Lemma transfer_spec w : desc par u w ->
  [/\ plane_shape (transfer u v w) = plane_shape w, desc par v (transfer u v w)
    & w != u -> transfer u v w \in children (transfer u v (par w))].
Proof.
have [m] := ubnP (val w); elim: m w => // m IH w /ltnSE le_wm duw.
have [->|neq_wu] := eqVneq w u; first by rewrite transfer_root shape_uv desc_refl.
have w_neq0 := desc_neq0 duw neq_wu.
have dup : desc par u (par w) by rewrite -desc_parent.
have [shape_q dvq _] := IH (par w) (leq_trans (parent_lt w_neq0) le_wm) dup.
set p := par w in dup shape_q dvq *; set q := transfer u v p in shape_q dvq *.
have w_p : w \in children p := mem_children_parent w_neq0.
have eq_shapes := eq_plane_shape_children shape_q.
have lt_i : index w (children p) < size (children q).
  by rewrite -(size_map plane_shape) eq_shapes size_map index_mem.
have q_tw : transfer u v w \in children q by rewrite transferE // mem_nth.
split=> [||_ //]; last exact: desc_trans dvq (desc_child q_tw (desc_refl _)).
rewrite transferE // -(nth_map v (plane_shape v)) // eq_shapes.
by rewrite (nth_map w) ?nth_index ?index_mem.
Qed.

Lemma transferK w : desc par u w -> transfer v u (transfer u v w) = w.
Proof.
have [m] := ubnP (val w); elim: m w => // m IH w /ltnSE le_wm duw.
have [->|neq_wu] := eqVneq w u; first by rewrite !transfer_root.
have w_neq0 := desc_neq0 duw neq_wu.
have dup : desc par u (par w) by rewrite -desc_parent.
have [shape_q dvq _] := transfer_spec dup.
have [_ _ /(_ neq_wu) q_tw] := transfer_spec duw.
have lt_i : index w (children (par w)) < size (children (transfer u v (par w))).
  by rewrite -(size_map plane_shape) (eq_plane_shape_children shape_q) size_map
             index_mem mem_children_parent.
have lt_qz := children_gt q_tw; have le_vq := desc_le dvq.
have z_neq_v : transfer u v w != v by apply: contraTneq lt_qz => ->; rewrite -leqNgt.
have z_neq0 : val (transfer u v w) != 0.
  by rewrite -lt0n; apply: leq_ltn_trans lt_qz.
move: q_tw; rewrite mem_children => /andP[/eqP par_z _].
rewrite transferE // par_z IH ?(leq_trans (parent_lt w_neq0)) //.
by rewrite transferE // index_uniq ?uniq_children // nth_index ?mem_children_parent.
Qed.

End Transfer.

Lemma same_plane_shape u v : plane_shape u = plane_shape v -> same_shape par u v.
Proof.
move=> shape_uv; apply/same_shapeP; exists (transfer u v); split.
- exact: transfer_root.
- by move=> w w' duw duw' /(congr1 (transfer v u)); rewrite !transferK.
- by move=> w /(transfer_spec shape_uv)[].
- move=> z dvz; exists (transfer v u z); last exact: transferK.
  by have [] := transfer_spec (esym shape_uv) dvz.
- move=> w duw neq_wu; have [_ _ /(_ neq_wu)] := transfer_spec shape_uv duw.
  by rewrite mem_children => /andP[/eqP].
Qed.

Lemma desc_children u w :
  desc par u w = (w == u) + \sum_(c <- children u) desc par c w :> nat.
Proof.
have not_desc_u c : c \in children u -> desc par c u = false.
  by move=> /children_gt lt_uc; apply: contraTF lt_uc => /desc_le; rewrite -leqNgt.
have [m] := ubnP (val w); elim: m w => // m IH w /ltnSE le_wm.
have [->|neq_wu] := eqVneq w u.
  by rewrite desc_refl big1_seq // => c /andP[_ /not_desc_u->].
rewrite add0n.
have [w0|w_neq0] := eqVneq (val w) 0.
  have not_desc_w v : w != v -> desc par v w = false.
    by move=> neq_wv; apply/negbTE/negP => /desc_neq0/(_ neq_wv); rewrite w0.
  rewrite not_desc_w // big1_seq // => c /andP[_ /children_gt lt_uc].
  by rewrite not_desc_w //; apply: contraTneq lt_uc => <-; rewrite w0.
rewrite desc_parent // IH ?(leq_trans (parent_lt w_neq0)) //.
have [par_w|neq_pu] := eqVneq (par w) u.
  have u_w : w \in children u by rewrite -par_w mem_children_parent.
  rewrite par_w big1_seq => [|c /andP[_ /not_desc_u->] //].
  rewrite (big_rem w) //= desc_refl big1_seq // => c /andP[_].
  rewrite mem_rem_uniq ?uniq_children // inE => /andP[neq_cw u_c].
  by rewrite desc_parent 1?eq_sym // par_w not_desc_u.
apply: eq_big_seq => c u_c; rewrite -desc_parent //.
by apply: contraNneq neq_pu => ->; move: u_c; rewrite mem_children => /andP[].
Qed.

Definition subtree_size (u : 'I_n) : nat := #|desc par u|.

Lemma subtree_sizeE u :
  subtree_size u = (\sum_(c <- children u) subtree_size c).+1.
Proof.
rewrite /subtree_size card_sum_indicator (eq_bigr _ (fun w _ => desc_children u w)).
rewrite big_split /=.
rewrite (bigD1 u) //= eqxx big1 => [|w /negbTE-> //].
rewrite exchange_big /= add1n; congr _.+1; apply: eq_bigr => c _.
by rewrite card_sum_indicator.
Qed.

- **Exercise brief**: Each line of the material should be duplicated exactly, please.

- **Reply**:
Lemma transfer_spec w : desc par u w ->
  [/\ plane_shape (transfer u v w) = plane_shape w, desc par v (transfer u v w)
    & w != u -> transfer u v w \in children (transfer u v (par w))].
Proof.
have [m] := ubnP (val w); elim: m w => // m IH w /ltnSE le_wm duw.
have [->|neq_wu] := eqVneq w u; first by rewrite transfer_root shape_uv desc_refl.
have w_neq0 := desc_neq0 duw neq_wu.
have dup : desc par u (par w) by rewrite -desc_parent.
have [shape_q dvq _] := IH (par w) (leq_trans (parent_lt w_neq0) le_wm) dup.
set p := par w in dup shape_q dvq *; set q := transfer u v p in shape_q dvq *.
have w_p : w \in children p := mem_children_parent w_neq0.
have eq_shapes := eq_plane_shape_children shape_q.
have lt_i : index w (children p) < size (children q).
  by rewrite -(size_map plane_shape) eq_shapes size_map index_mem.
have q_tw : transfer u v w \in children q by rewrite transferE // mem_nth.
split=> [||_ //]; last exact: desc_trans dvq (desc_child q_tw (desc_refl _)).
rewrite transferE // -(nth_map v (plane_shape v)) // eq_shapes.
by rewrite (nth_map w) ?nth_index ?index_mem.
Qed.

Lemma transferK w : desc par u w -> transfer v u (transfer u v w) = w.
Proof.
have [m] := ubnP (val w); elim: m w => // m IH w /ltnSE le_wm duw.
have [->|neq_wu] := eqVneq w u; first by rewrite !transfer_root.
have w_neq0 := desc_neq0 duw neq_wu.
have dup : desc par u (par w) by rewrite -desc_parent.
have [shape_q dvq _] := transfer_spec dup.
have [_ _ /(_ neq_wu) q_tw] := transfer_spec duw.
have lt_i : index w (children (par w)) < size (children (transfer u v (par w))).
  by rewrite -(size_map plane_shape) (eq_plane_shape_children shape_q) size_map
             index_mem mem_children_parent.
have lt_qz := children_gt q_tw; have le_vq := desc_le dvq.
have z_neq_v : transfer u v w != v by apply: contraTneq lt_qz => ->; rewrite -leqNgt.
have z_neq0 : val (transfer u v w) != 0.
  by rewrite -lt0n; apply: leq_ltn_trans lt_qz.
move: q_tw; rewrite mem_children => /andP[/eqP par_z _].
rewrite transferE // par_z IH ?(leq_trans (parent_lt w_neq0)) //.
by rewrite transferE // index_uniq ?uniq_children // nth_index ?mem_children_parent.
Qed.

End Transfer.

Lemma same_plane_shape u v : plane_shape u = plane_shape v -> same_shape par u v.
Proof.
move=> shape_uv; apply/same_shapeP; exists (transfer u v); split.
- exact: transfer_root.
- by move=> w w' duw duw' /(congr1 (transfer v u)); rewrite !transferK.
- by move=> w /(transfer_spec shape_uv)[].
- move=> z dvz; exists (transfer v u z); last exact: transferK.
  by have [] := transfer_spec (esym shape_uv) dvz.
- move=> w duw neq_wu; have [_ _ /(_ neq_wu)] := transfer_spec shape_uv duw.
  by rewrite mem_children => /andP[/eqP].
Qed.

Lemma desc_children u w :
  desc par u w = (w == u) + \sum_(c <- children u) desc par c w :> nat.
Proof.
have not_desc_u c : c \in children u -> desc par c u = false.
  by move=> /children_gt lt_uc; apply: contraTF lt_uc => /desc_le; rewrite -leqNgt.
have [m] := ubnP (val w); elim: m w => // m IH w /ltnSE le_wm.
have [->|neq_wu] := eqVneq w u.
  by rewrite desc_refl big1_seq // => c /andP[_ /not_desc_u->].
rewrite add0n.
have [w0|w_neq0] := eqVneq (val w) 0.
  have not_desc_w v : w != v -> desc par v w = false.
    by move=> neq_wv; apply/negbTE/negP => /desc_neq0/(_ neq_wv); rewrite w0.
  rewrite not_desc_w // big1_seq // => c /andP[_ /children_gt lt_uc].
  by rewrite not_desc_w //; apply: contraTneq lt_uc => <-; rewrite w0.
rewrite desc_parent // IH ?(leq_trans (parent_lt w_neq0)) //.
have [par_w|neq_pu] := eqVneq (par w) u.
  have u_w : w \in children u by rewrite -par_w mem_children_parent.
  rewrite par_w big1_seq => [|c /andP[_ /not_desc_u->] //].
  rewrite (big_rem w) //= desc_refl big1_seq // => c /andP[_].
  rewrite mem_rem_uniq ?uniq_children // inE => /andP[neq_cw u_c].
  by rewrite desc_parent 1?eq_sym // par_w not_desc_u.
apply: eq_big_seq => c u_c; rewrite -desc_parent //.
by apply: contraNneq neq_pu => ->; move: u_c; rewrite mem_children => /andP[].
Qed.

Definition subtree_size (u : 'I_n) : nat := #|desc par u|.

Lemma subtree_sizeE u :
  subtree_size u = (\sum_(c <- children u) subtree_size c).+1.
Proof.
rewrite /subtree_size card_sum_indicator (eq_bigr _ (fun w _ => desc_children u w)).
rewrite big_split /=.
rewrite (bigD1 u) //= eqxx big1 => [|w /negbTE-> //].
rewrite exchange_big /= add1n; congr _.+1; apply: eq_bigr => c _.
by rewrite card_sum_indicator.
Qed.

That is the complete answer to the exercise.